---------- INFORMATION

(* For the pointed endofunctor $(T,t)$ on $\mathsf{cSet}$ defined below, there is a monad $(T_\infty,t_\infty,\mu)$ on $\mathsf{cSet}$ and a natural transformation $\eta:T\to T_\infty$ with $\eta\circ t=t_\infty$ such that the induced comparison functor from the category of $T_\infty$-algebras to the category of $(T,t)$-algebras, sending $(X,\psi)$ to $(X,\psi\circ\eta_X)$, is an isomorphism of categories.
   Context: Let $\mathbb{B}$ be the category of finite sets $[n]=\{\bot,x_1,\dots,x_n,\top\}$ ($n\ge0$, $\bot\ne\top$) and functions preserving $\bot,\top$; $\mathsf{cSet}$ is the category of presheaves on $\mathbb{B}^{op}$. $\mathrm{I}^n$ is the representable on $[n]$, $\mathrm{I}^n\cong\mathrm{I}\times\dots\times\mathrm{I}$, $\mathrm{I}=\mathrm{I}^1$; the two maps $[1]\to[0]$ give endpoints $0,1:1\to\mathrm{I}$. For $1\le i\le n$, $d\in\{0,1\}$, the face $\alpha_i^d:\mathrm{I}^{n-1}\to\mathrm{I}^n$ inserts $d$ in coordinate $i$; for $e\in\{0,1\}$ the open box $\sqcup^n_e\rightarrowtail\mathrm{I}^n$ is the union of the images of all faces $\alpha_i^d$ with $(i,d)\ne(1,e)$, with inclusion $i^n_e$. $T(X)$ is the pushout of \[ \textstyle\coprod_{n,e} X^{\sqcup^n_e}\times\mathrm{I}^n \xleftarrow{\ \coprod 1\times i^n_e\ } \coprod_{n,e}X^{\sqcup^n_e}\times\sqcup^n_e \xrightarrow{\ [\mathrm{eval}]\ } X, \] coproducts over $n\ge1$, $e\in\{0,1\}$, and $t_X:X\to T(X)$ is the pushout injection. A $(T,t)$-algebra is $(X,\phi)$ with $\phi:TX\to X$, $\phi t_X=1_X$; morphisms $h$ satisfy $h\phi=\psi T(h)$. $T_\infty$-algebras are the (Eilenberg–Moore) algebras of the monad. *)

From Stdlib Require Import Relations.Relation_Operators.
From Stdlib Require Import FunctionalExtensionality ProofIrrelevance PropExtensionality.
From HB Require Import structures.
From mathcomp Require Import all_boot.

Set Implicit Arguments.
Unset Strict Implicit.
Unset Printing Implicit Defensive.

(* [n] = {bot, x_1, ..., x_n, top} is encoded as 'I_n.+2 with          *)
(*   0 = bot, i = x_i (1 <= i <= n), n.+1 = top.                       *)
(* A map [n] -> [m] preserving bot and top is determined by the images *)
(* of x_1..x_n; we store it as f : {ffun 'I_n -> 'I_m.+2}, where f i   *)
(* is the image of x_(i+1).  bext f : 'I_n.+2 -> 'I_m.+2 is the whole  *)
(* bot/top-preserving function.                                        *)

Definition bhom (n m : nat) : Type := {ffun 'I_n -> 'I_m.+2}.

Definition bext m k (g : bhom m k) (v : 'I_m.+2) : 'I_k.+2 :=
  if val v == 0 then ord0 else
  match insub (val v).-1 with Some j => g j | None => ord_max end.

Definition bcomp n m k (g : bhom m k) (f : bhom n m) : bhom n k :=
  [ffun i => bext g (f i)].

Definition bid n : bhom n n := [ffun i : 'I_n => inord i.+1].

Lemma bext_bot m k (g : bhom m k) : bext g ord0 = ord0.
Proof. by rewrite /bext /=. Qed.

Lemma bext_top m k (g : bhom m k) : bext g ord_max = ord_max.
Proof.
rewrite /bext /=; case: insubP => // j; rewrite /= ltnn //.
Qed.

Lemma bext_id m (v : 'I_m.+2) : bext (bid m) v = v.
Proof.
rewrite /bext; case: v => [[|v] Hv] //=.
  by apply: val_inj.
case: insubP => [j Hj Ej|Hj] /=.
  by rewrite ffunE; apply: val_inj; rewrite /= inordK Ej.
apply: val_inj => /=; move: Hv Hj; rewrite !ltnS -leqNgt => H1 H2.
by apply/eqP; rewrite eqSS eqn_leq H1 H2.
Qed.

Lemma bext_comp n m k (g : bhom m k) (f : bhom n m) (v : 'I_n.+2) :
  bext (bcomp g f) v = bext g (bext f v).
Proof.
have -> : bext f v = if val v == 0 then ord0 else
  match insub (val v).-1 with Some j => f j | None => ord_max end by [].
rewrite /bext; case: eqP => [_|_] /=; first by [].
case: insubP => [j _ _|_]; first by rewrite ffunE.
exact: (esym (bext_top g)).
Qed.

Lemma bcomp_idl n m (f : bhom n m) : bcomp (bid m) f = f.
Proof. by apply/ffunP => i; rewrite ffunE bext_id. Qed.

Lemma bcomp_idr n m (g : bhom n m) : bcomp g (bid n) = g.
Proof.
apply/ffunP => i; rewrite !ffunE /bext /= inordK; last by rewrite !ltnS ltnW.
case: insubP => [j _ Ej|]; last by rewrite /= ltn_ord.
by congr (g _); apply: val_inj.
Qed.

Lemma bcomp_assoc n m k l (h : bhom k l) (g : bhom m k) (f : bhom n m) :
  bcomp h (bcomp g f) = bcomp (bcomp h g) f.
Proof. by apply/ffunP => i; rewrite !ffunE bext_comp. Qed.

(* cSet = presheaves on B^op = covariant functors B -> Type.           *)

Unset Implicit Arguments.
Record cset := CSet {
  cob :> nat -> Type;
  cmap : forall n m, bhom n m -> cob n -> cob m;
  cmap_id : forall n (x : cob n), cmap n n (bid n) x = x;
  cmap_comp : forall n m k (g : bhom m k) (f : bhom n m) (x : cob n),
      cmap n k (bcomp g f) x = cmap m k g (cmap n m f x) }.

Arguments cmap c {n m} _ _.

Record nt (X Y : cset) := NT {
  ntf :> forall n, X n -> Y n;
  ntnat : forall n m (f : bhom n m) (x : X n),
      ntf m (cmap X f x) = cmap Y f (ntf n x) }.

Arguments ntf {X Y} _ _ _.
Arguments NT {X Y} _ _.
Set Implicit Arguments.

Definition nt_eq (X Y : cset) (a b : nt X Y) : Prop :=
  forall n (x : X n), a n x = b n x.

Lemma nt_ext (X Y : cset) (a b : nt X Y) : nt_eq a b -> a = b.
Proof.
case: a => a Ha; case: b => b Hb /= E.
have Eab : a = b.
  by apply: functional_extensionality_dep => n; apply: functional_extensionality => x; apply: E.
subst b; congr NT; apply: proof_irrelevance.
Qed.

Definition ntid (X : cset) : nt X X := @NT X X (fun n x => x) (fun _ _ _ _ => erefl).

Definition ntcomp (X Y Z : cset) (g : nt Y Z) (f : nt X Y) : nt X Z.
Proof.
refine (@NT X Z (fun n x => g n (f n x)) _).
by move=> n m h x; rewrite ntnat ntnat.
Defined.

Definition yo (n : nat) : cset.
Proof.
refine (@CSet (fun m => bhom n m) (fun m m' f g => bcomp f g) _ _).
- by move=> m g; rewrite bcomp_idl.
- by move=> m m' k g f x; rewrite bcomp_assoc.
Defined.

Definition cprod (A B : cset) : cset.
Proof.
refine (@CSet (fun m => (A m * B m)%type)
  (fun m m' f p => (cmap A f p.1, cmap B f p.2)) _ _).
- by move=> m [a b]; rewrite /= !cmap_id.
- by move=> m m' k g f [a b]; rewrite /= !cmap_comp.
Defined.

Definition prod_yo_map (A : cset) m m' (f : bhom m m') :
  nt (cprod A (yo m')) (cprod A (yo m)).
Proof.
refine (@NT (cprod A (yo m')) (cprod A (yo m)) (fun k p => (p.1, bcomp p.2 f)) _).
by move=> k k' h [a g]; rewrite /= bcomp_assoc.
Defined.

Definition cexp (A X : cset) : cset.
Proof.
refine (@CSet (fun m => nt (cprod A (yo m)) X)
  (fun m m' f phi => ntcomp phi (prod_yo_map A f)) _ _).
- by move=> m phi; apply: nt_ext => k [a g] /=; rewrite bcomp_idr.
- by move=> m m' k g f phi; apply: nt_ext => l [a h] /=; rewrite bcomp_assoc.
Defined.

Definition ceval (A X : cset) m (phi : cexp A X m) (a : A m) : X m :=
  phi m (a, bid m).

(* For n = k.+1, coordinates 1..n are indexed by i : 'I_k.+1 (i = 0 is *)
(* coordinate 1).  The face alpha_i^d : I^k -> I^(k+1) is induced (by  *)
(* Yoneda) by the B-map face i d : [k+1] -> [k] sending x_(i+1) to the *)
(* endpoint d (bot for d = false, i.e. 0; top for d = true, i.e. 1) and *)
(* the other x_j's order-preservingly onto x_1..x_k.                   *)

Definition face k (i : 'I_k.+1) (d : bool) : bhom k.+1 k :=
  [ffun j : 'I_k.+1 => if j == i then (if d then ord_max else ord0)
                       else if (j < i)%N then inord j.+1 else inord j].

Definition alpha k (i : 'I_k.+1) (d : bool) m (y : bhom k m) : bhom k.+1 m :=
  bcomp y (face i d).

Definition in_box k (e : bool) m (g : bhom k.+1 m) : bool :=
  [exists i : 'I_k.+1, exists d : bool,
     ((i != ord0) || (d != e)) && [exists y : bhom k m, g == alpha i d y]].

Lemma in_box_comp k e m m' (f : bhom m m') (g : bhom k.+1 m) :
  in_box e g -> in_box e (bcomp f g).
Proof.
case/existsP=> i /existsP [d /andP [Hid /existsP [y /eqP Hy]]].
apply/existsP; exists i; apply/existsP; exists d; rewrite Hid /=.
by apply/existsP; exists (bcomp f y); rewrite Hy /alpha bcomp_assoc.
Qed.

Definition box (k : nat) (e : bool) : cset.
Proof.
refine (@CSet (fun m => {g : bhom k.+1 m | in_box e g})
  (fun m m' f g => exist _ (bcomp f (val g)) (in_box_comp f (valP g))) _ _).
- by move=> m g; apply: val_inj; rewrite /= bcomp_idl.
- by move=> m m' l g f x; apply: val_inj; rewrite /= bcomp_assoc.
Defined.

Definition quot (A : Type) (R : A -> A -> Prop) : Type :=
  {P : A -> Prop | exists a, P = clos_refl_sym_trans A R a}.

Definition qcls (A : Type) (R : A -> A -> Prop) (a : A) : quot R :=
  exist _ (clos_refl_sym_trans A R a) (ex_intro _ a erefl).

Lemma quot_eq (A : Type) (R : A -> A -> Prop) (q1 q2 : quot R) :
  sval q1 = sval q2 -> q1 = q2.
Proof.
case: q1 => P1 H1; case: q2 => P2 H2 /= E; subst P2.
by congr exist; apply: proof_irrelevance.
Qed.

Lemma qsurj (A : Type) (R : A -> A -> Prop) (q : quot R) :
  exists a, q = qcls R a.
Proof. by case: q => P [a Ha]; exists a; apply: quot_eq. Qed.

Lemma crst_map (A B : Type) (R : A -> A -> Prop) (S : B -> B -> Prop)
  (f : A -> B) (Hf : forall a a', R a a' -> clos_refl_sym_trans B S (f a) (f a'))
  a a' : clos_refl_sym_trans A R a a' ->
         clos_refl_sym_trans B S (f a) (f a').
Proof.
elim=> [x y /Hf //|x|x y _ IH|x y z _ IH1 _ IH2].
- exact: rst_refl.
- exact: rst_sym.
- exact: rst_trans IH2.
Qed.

--------------------

» ACTIVITY: Using the listing above, pull out all lines that hold the word "first".

» SOLUTION FOR THIS TASK:
rewrite /bext; case: eqP => [_|_] /=; first by [].
case: insubP => [j _ _|_]; first by rewrite ffunE.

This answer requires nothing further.